**DATA FOR REVIEW:**
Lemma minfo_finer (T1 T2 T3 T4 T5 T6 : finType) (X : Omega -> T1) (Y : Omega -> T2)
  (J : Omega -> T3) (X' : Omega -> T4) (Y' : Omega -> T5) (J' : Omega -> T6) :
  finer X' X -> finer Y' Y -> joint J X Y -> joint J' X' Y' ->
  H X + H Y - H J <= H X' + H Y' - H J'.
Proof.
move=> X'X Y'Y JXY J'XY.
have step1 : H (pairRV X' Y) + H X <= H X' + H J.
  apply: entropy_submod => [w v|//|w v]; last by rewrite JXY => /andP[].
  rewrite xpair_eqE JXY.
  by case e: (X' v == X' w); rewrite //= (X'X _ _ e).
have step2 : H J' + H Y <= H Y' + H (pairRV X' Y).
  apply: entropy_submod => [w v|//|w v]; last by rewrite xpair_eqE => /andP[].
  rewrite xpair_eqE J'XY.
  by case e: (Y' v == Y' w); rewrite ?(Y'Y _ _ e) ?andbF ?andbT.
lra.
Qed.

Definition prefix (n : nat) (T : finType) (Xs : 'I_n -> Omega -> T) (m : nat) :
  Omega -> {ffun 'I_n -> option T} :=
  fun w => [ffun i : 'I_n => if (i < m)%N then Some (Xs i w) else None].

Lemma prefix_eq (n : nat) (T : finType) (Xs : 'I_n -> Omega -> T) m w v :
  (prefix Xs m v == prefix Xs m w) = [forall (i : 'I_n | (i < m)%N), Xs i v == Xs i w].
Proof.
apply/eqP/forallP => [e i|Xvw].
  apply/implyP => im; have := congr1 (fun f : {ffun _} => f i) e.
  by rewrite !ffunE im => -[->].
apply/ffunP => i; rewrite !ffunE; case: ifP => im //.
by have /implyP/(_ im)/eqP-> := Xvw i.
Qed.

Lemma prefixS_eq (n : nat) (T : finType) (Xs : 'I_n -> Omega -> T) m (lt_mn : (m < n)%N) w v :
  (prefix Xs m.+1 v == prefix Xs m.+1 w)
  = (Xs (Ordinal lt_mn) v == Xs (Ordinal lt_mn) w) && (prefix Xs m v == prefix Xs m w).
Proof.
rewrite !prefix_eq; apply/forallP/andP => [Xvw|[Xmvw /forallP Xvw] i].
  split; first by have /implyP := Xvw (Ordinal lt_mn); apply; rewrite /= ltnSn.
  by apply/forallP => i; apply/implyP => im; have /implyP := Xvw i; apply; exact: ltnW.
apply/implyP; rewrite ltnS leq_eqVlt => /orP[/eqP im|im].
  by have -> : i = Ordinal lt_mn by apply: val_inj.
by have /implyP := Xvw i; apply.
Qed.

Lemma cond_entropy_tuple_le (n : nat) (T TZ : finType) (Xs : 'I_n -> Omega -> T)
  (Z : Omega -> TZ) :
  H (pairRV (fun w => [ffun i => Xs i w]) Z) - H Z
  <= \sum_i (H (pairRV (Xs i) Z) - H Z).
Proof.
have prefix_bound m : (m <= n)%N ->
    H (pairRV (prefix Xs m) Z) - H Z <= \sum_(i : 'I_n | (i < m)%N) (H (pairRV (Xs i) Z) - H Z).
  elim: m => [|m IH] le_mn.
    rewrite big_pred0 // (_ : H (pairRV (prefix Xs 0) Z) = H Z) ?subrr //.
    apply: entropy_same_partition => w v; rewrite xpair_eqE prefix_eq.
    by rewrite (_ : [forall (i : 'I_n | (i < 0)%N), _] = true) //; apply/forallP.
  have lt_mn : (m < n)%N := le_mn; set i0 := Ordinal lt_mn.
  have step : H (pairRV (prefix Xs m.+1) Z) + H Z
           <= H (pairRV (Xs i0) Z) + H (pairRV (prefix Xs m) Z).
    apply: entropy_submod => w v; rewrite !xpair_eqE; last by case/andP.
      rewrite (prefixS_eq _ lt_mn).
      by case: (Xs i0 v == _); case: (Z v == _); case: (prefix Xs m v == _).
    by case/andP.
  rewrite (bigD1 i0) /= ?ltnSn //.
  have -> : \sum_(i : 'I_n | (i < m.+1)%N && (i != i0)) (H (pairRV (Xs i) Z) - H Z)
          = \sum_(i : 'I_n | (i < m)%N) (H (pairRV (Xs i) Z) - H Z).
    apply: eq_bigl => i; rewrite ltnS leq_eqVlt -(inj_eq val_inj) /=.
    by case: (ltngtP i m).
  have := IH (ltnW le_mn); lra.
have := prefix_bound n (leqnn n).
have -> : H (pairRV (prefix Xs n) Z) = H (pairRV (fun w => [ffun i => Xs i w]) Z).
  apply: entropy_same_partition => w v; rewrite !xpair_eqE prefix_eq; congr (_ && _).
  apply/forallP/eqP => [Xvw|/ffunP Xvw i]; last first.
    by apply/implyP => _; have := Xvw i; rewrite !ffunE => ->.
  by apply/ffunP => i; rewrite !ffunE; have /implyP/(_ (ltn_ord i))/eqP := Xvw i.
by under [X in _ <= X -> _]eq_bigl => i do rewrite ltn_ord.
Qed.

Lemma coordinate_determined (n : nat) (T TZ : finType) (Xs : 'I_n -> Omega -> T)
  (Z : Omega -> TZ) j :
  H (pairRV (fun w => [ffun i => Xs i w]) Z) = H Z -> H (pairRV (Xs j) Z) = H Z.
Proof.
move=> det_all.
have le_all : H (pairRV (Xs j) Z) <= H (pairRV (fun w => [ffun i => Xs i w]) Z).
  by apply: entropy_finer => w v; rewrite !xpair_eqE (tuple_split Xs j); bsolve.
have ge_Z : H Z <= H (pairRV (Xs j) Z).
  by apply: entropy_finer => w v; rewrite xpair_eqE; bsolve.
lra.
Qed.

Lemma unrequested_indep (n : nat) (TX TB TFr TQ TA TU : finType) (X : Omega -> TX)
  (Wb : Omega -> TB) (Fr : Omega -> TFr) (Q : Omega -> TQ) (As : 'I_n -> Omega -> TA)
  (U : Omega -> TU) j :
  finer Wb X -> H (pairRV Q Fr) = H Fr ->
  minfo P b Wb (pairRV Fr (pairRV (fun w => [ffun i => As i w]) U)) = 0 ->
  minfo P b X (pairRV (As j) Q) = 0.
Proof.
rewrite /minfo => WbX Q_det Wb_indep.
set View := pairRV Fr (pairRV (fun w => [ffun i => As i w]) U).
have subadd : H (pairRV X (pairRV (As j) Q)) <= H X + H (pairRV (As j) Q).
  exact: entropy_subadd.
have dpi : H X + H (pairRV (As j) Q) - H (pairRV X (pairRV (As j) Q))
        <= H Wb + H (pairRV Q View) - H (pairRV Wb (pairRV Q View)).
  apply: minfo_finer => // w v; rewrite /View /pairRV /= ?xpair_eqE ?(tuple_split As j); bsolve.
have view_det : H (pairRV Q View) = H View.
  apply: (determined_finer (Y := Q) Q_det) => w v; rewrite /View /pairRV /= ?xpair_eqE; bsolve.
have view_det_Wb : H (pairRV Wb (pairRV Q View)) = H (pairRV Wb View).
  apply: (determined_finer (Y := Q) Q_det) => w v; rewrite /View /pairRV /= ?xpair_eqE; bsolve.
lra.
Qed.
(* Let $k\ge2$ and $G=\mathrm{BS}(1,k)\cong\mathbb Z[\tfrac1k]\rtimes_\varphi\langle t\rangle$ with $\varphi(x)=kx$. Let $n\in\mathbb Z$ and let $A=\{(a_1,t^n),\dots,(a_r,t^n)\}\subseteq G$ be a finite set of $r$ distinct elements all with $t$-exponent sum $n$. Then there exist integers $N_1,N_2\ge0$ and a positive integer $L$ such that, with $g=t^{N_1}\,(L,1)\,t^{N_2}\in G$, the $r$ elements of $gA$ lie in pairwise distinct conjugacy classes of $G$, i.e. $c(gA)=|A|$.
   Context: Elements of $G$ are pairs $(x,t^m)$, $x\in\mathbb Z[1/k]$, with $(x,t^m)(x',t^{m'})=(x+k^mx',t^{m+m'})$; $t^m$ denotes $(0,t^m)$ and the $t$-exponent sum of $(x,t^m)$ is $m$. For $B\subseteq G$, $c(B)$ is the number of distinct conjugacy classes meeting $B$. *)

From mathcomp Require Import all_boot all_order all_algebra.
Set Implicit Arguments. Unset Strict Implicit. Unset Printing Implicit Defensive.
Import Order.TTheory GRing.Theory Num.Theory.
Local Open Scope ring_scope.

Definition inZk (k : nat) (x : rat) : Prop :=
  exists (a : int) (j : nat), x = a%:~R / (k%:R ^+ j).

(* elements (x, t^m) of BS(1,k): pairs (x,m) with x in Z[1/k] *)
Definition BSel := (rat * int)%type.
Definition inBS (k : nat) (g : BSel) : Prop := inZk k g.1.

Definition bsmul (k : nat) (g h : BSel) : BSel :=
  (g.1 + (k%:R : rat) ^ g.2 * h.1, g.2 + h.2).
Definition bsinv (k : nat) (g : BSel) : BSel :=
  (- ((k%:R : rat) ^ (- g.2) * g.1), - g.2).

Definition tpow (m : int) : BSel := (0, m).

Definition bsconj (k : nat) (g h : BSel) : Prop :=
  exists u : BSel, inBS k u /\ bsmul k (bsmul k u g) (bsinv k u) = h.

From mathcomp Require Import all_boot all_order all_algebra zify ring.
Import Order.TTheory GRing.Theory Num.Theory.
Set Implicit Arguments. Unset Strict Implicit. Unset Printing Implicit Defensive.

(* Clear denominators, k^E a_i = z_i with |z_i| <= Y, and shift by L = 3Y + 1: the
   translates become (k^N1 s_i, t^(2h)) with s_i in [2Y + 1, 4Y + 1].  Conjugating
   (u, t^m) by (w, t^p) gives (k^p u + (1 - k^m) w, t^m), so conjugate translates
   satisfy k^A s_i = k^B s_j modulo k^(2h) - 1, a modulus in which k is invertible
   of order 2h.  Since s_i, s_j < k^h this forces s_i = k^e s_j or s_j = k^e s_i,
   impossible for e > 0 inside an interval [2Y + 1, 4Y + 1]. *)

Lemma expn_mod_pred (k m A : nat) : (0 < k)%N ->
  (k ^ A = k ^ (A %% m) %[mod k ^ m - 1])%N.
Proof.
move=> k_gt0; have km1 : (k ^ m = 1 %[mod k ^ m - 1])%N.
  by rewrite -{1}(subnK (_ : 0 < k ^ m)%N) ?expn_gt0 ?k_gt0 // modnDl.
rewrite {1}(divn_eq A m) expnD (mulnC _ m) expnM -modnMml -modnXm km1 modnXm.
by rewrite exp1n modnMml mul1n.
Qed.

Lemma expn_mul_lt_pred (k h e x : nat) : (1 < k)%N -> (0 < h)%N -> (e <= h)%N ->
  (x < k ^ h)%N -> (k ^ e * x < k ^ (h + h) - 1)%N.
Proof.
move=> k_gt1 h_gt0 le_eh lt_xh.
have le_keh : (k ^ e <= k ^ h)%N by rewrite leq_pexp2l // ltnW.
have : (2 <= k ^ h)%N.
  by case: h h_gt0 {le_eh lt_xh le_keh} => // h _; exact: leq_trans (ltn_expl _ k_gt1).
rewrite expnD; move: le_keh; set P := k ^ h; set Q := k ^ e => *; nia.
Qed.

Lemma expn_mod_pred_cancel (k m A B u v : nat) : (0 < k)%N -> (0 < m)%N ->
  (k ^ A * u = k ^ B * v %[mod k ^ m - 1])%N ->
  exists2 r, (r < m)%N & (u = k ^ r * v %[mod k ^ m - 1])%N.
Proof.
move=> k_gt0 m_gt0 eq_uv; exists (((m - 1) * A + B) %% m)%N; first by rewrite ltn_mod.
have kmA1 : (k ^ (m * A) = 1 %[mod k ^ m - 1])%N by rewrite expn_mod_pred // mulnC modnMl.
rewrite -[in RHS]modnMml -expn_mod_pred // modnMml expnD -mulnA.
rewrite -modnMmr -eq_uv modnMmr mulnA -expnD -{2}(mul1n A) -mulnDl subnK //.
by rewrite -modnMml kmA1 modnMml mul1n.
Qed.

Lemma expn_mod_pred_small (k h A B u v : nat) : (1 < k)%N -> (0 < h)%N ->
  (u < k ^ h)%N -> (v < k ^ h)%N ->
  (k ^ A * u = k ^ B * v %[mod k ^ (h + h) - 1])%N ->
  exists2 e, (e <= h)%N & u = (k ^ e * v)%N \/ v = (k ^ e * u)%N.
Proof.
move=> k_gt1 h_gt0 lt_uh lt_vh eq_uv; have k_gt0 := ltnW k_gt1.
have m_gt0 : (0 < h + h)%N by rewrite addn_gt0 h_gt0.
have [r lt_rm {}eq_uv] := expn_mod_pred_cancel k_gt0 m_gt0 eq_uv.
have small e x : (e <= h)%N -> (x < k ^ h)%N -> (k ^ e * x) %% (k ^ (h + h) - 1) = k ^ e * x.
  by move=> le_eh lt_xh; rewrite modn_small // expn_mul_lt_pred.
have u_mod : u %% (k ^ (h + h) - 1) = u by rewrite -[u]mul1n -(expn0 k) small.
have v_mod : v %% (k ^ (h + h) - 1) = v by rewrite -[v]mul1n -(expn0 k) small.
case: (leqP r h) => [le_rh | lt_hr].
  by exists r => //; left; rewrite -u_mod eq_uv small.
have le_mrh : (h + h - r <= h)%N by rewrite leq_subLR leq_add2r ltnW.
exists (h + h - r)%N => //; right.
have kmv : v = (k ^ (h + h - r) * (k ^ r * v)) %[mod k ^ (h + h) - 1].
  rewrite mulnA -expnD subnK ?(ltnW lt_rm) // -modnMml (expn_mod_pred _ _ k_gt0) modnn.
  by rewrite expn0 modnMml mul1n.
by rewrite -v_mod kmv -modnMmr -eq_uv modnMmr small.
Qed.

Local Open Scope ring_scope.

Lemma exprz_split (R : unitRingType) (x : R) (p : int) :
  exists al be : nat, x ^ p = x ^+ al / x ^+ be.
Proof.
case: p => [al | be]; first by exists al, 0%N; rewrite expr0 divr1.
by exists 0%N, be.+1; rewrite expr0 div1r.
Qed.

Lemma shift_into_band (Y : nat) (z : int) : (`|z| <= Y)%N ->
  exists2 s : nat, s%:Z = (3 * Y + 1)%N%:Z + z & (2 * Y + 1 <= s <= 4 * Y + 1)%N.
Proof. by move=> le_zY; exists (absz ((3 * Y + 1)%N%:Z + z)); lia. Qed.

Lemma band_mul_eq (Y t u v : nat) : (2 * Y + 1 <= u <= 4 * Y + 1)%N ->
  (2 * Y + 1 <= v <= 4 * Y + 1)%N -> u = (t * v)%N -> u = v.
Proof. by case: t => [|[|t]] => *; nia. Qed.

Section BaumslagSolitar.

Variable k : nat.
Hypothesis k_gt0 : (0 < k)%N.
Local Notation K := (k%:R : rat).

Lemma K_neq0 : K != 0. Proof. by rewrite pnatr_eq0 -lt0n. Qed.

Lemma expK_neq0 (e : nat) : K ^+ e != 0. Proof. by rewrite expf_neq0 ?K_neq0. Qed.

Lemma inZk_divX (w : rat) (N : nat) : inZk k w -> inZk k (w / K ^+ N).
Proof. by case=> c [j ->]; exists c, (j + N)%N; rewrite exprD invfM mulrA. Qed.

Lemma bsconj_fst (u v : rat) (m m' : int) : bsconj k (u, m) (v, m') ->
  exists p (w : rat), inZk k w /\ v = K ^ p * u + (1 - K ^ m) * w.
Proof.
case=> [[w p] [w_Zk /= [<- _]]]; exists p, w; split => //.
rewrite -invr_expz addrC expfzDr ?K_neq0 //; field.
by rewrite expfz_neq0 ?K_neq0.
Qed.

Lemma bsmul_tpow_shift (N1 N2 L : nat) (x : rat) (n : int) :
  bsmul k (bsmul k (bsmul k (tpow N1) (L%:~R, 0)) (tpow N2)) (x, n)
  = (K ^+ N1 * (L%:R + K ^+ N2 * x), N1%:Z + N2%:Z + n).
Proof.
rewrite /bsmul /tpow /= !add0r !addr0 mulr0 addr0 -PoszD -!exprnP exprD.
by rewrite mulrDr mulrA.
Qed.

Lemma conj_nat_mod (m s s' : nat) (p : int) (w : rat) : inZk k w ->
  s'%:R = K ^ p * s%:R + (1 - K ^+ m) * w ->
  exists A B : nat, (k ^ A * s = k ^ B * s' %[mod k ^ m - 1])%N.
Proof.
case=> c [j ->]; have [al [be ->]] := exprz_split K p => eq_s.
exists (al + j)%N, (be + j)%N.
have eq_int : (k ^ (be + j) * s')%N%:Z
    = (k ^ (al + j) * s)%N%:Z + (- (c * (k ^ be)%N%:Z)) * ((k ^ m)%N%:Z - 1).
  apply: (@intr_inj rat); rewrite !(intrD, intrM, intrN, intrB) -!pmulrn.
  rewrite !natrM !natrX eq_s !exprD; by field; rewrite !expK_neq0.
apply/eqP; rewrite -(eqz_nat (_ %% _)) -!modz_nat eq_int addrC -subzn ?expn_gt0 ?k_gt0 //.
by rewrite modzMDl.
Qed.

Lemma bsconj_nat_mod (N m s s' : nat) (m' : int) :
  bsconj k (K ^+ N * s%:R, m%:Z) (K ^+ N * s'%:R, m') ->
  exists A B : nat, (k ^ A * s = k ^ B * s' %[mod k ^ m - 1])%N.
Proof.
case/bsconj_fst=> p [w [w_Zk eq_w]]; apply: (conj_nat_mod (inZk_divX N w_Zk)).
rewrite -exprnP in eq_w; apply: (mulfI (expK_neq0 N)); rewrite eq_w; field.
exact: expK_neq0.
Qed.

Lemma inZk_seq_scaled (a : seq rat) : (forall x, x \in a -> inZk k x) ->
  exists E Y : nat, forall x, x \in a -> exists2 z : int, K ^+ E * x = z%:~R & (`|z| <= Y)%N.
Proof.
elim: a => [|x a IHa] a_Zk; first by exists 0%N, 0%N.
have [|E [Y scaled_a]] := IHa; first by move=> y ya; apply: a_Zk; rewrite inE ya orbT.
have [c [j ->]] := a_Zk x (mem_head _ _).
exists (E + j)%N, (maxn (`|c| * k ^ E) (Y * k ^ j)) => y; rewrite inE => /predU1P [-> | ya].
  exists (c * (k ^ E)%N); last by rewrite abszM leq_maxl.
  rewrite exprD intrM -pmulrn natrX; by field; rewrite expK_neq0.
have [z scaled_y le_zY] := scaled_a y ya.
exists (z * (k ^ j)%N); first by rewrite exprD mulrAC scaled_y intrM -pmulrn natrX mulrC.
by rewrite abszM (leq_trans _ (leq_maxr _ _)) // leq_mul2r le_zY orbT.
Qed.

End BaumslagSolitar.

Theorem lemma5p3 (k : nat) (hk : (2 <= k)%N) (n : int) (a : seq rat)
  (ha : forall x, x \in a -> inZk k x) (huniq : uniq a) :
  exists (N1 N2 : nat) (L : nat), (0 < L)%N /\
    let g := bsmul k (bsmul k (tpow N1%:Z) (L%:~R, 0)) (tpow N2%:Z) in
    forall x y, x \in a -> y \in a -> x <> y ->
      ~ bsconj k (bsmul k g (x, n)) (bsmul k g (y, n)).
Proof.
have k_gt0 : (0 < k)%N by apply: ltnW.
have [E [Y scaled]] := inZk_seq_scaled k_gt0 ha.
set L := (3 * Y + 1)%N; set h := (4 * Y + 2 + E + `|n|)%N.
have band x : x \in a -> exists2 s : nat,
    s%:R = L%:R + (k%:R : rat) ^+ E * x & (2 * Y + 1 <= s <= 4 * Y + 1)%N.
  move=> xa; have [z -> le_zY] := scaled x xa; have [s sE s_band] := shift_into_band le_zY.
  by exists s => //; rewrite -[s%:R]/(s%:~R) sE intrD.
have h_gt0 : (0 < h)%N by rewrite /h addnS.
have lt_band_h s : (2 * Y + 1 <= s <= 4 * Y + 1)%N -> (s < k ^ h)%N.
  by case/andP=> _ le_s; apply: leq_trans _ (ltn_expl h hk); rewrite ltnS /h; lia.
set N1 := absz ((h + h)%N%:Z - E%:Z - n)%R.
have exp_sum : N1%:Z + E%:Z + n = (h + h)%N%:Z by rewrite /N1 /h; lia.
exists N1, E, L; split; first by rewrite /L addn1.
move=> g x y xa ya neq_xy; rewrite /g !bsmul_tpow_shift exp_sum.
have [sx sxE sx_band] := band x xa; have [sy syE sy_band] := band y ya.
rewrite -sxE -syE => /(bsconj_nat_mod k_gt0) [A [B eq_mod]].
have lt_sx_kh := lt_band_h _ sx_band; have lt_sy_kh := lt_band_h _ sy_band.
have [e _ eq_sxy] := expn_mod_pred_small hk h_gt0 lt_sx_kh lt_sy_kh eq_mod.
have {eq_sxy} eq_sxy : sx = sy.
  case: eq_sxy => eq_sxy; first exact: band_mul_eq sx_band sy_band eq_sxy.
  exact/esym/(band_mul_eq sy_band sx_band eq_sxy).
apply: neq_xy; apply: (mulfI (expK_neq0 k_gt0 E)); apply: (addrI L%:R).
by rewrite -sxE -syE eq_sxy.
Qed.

**WORK INSTRUCTIONS:** Of the entries above, repeat exactly the lines between the line with "apply: entropy_submod => w" and the line with "by apply/ffunP =>", inclusive, and no others.

**YOUR SOLUTION:**
    apply: entropy_submod => w v; rewrite !xpair_eqE; last by case/andP.
      rewrite (prefixS_eq _ lt_mn).
      by case: (Xs i0 v == _); case: (Z v == _); case: (prefix Xs m v == _).
    by case/andP.
  rewrite (bigD1 i0) /= ?ltnSn //.
  have -> : \sum_(i : 'I_n | (i < m.+1)%N && (i != i0)) (H (pairRV (Xs i) Z) - H Z)
          = \sum_(i : 'I_n | (i < m)%N) (H (pairRV (Xs i) Z) - H Z).
    apply: eq_bigl => i; rewrite ltnS leq_eqVlt -(inj_eq val_inj) /=.
    by case: (ltngtP i m).
  have := IH (ltnW le_mn); lra.
have := prefix_bound n (leqnn n).
have -> : H (pairRV (prefix Xs n) Z) = H (pairRV (fun w => [ffun i => Xs i w]) Z).
  apply: entropy_same_partition => w v; rewrite !xpair_eqE prefix_eq; congr (_ && _).
  apply/forallP/eqP => [Xvw|/ffunP Xvw i]; last first.
    by apply/implyP => _; have := Xvw i; rewrite !ffunE => ->.
  by apply/ffunP => i; rewrite !ffunE; have /implyP/(_ (ltn_ord i))/eqP := Xvw i.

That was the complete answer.